++++ Task inputs

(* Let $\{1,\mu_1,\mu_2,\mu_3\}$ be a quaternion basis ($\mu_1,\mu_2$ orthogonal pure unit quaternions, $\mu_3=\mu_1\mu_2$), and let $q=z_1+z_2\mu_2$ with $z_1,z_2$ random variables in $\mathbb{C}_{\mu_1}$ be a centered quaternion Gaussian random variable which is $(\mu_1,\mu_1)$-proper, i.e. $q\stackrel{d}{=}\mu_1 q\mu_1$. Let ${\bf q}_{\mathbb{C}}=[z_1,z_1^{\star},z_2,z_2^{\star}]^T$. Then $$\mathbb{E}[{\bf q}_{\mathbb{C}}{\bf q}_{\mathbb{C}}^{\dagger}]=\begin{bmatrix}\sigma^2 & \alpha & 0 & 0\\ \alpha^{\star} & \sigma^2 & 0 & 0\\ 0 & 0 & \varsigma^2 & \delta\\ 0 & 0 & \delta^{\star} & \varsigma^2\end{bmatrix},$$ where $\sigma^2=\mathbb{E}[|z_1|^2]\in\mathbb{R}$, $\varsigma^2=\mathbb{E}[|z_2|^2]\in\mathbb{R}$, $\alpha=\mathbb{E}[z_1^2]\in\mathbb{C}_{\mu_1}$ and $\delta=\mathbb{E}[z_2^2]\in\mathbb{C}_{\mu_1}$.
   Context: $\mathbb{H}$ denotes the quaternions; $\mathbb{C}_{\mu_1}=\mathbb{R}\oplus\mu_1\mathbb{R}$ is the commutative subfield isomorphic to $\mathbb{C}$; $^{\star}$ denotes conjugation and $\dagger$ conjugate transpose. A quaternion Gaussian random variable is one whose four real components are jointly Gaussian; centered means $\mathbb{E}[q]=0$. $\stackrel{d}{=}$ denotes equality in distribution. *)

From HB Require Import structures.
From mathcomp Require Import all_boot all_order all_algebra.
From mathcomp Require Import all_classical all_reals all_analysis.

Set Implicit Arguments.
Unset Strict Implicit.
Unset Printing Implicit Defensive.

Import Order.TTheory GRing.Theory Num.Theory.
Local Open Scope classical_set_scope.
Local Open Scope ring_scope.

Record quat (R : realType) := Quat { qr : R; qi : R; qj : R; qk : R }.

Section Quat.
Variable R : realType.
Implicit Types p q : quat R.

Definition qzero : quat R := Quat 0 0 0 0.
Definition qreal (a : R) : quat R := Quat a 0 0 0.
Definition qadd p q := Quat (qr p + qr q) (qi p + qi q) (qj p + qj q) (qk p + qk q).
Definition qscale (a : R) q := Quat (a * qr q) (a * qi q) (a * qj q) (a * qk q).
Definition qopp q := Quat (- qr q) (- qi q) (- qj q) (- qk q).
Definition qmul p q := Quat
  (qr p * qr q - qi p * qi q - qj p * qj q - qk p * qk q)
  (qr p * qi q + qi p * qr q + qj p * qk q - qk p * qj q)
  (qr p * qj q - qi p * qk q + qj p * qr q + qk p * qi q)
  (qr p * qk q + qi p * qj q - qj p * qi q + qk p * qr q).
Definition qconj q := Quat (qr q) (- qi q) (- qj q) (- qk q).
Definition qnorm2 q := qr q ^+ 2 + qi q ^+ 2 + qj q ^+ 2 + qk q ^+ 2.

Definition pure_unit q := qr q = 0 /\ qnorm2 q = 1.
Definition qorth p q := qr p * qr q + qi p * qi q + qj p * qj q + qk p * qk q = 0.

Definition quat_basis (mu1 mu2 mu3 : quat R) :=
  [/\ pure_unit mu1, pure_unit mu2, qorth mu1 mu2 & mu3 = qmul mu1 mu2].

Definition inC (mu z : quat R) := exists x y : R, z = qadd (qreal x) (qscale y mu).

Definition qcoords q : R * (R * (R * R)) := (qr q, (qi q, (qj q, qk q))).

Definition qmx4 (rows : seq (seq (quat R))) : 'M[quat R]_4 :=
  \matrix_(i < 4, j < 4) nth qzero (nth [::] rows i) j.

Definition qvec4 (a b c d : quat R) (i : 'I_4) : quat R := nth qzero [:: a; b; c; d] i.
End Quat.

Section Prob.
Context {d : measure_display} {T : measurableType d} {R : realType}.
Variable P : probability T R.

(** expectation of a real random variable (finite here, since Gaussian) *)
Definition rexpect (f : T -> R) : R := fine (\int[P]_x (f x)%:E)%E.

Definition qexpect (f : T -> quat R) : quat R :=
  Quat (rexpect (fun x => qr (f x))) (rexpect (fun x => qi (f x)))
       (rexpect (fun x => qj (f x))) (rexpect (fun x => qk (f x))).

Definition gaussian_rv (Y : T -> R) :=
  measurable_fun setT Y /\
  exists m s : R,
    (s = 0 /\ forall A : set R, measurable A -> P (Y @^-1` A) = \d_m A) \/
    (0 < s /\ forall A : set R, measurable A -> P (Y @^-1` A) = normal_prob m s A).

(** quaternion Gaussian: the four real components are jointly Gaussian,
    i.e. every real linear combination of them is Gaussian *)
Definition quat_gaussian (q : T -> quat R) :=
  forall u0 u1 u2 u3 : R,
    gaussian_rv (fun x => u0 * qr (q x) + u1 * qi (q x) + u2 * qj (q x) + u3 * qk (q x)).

++++++++

• Required action: The complete listing, transcribed exactly, is the expected answer.

• Task result:
(* Let $\{1,\mu_1,\mu_2,\mu_3\}$ be a quaternion basis ($\mu_1,\mu_2$ orthogonal pure unit quaternions, $\mu_3=\mu_1\mu_2$), and let $q=z_1+z_2\mu_2$ with $z_1,z_2$ random variables in $\mathbb{C}_{\mu_1}$ be a centered quaternion Gaussian random variable which is $(\mu_1,\mu_1)$-proper, i.e. $q\stackrel{d}{=}\mu_1 q\mu_1$. Let ${\bf q}_{\mathbb{C}}=[z_1,z_1^{\star},z_2,z_2^{\star}]^T$. Then $$\mathbb{E}[{\bf q}_{\mathbb{C}}{\bf q}_{\mathbb{C}}^{\dagger}]=\begin{bmatrix}\sigma^2 & \alpha & 0 & 0\\ \alpha^{\star} & \sigma^2 & 0 & 0\\ 0 & 0 & \varsigma^2 & \delta\\ 0 & 0 & \delta^{\star} & \varsigma^2\end{bmatrix},$$ where $\sigma^2=\mathbb{E}[|z_1|^2]\in\mathbb{R}$, $\varsigma^2=\mathbb{E}[|z_2|^2]\in\mathbb{R}$, $\alpha=\mathbb{E}[z_1^2]\in\mathbb{C}_{\mu_1}$ and $\delta=\mathbb{E}[z_2^2]\in\mathbb{C}_{\mu_1}$.
   Context: $\mathbb{H}$ denotes the quaternions; $\mathbb{C}_{\mu_1}=\mathbb{R}\oplus\mu_1\mathbb{R}$ is the commutative subfield isomorphic to $\mathbb{C}$; $^{\star}$ denotes conjugation and $\dagger$ conjugate transpose. A quaternion Gaussian random variable is one whose four real components are jointly Gaussian; centered means $\mathbb{E}[q]=0$. $\stackrel{d}{=}$ denotes equality in distribution. *)

From HB Require Import structures.
From mathcomp Require Import all_boot all_order all_algebra.
From mathcomp Require Import all_classical all_reals all_analysis.

Set Implicit Arguments.
Unset Strict Implicit.
Unset Printing Implicit Defensive.

Import Order.TTheory GRing.Theory Num.Theory.
Local Open Scope classical_set_scope.
Local Open Scope ring_scope.

Record quat (R : realType) := Quat { qr : R; qi : R; qj : R; qk : R }.

Section Quat.
Variable R : realType.
Implicit Types p q : quat R.

Definition qzero : quat R := Quat 0 0 0 0.
Definition qreal (a : R) : quat R := Quat a 0 0 0.
Definition qadd p q := Quat (qr p + qr q) (qi p + qi q) (qj p + qj q) (qk p + qk q).
Definition qscale (a : R) q := Quat (a * qr q) (a * qi q) (a * qj q) (a * qk q).
Definition qopp q := Quat (- qr q) (- qi q) (- qj q) (- qk q).
Definition qmul p q := Quat
  (qr p * qr q - qi p * qi q - qj p * qj q - qk p * qk q)
  (qr p * qi q + qi p * qr q + qj p * qk q - qk p * qj q)
  (qr p * qj q - qi p * qk q + qj p * qr q + qk p * qi q)
  (qr p * qk q + qi p * qj q - qj p * qi q + qk p * qr q).
Definition qconj q := Quat (qr q) (- qi q) (- qj q) (- qk q).
Definition qnorm2 q := qr q ^+ 2 + qi q ^+ 2 + qj q ^+ 2 + qk q ^+ 2.

Definition pure_unit q := qr q = 0 /\ qnorm2 q = 1.
Definition qorth p q := qr p * qr q + qi p * qi q + qj p * qj q + qk p * qk q = 0.

Definition quat_basis (mu1 mu2 mu3 : quat R) :=
  [/\ pure_unit mu1, pure_unit mu2, qorth mu1 mu2 & mu3 = qmul mu1 mu2].

Definition inC (mu z : quat R) := exists x y : R, z = qadd (qreal x) (qscale y mu).

Definition qcoords q : R * (R * (R * R)) := (qr q, (qi q, (qj q, qk q))).

Definition qmx4 (rows : seq (seq (quat R))) : 'M[quat R]_4 :=
  \matrix_(i < 4, j < 4) nth qzero (nth [::] rows i) j.

Definition qvec4 (a b c d : quat R) (i : 'I_4) : quat R := nth qzero [:: a; b; c; d] i.
End Quat.

Section Prob.
Context {d : measure_display} {T : measurableType d} {R : realType}.
Variable P : probability T R.

(** expectation of a real random variable (finite here, since Gaussian) *)
Definition rexpect (f : T -> R) : R := fine (\int[P]_x (f x)%:E)%E.

Definition qexpect (f : T -> quat R) : quat R :=
  Quat (rexpect (fun x => qr (f x))) (rexpect (fun x => qi (f x)))
       (rexpect (fun x => qj (f x))) (rexpect (fun x => qk (f x))).

Definition gaussian_rv (Y : T -> R) :=
  measurable_fun setT Y /\
  exists m s : R,
    (s = 0 /\ forall A : set R, measurable A -> P (Y @^-1` A) = \d_m A) \/
    (0 < s /\ forall A : set R, measurable A -> P (Y @^-1` A) = normal_prob m s A).

(** quaternion Gaussian: the four real components are jointly Gaussian,
    i.e. every real linear combination of them is Gaussian *)
Definition quat_gaussian (q : T -> quat R) :=
  forall u0 u1 u2 u3 : R,
    gaussian_rv (fun x => u0 * qr (q x) + u1 * qi (q x) + u2 * qj (q x) + u3 * qk (q x)).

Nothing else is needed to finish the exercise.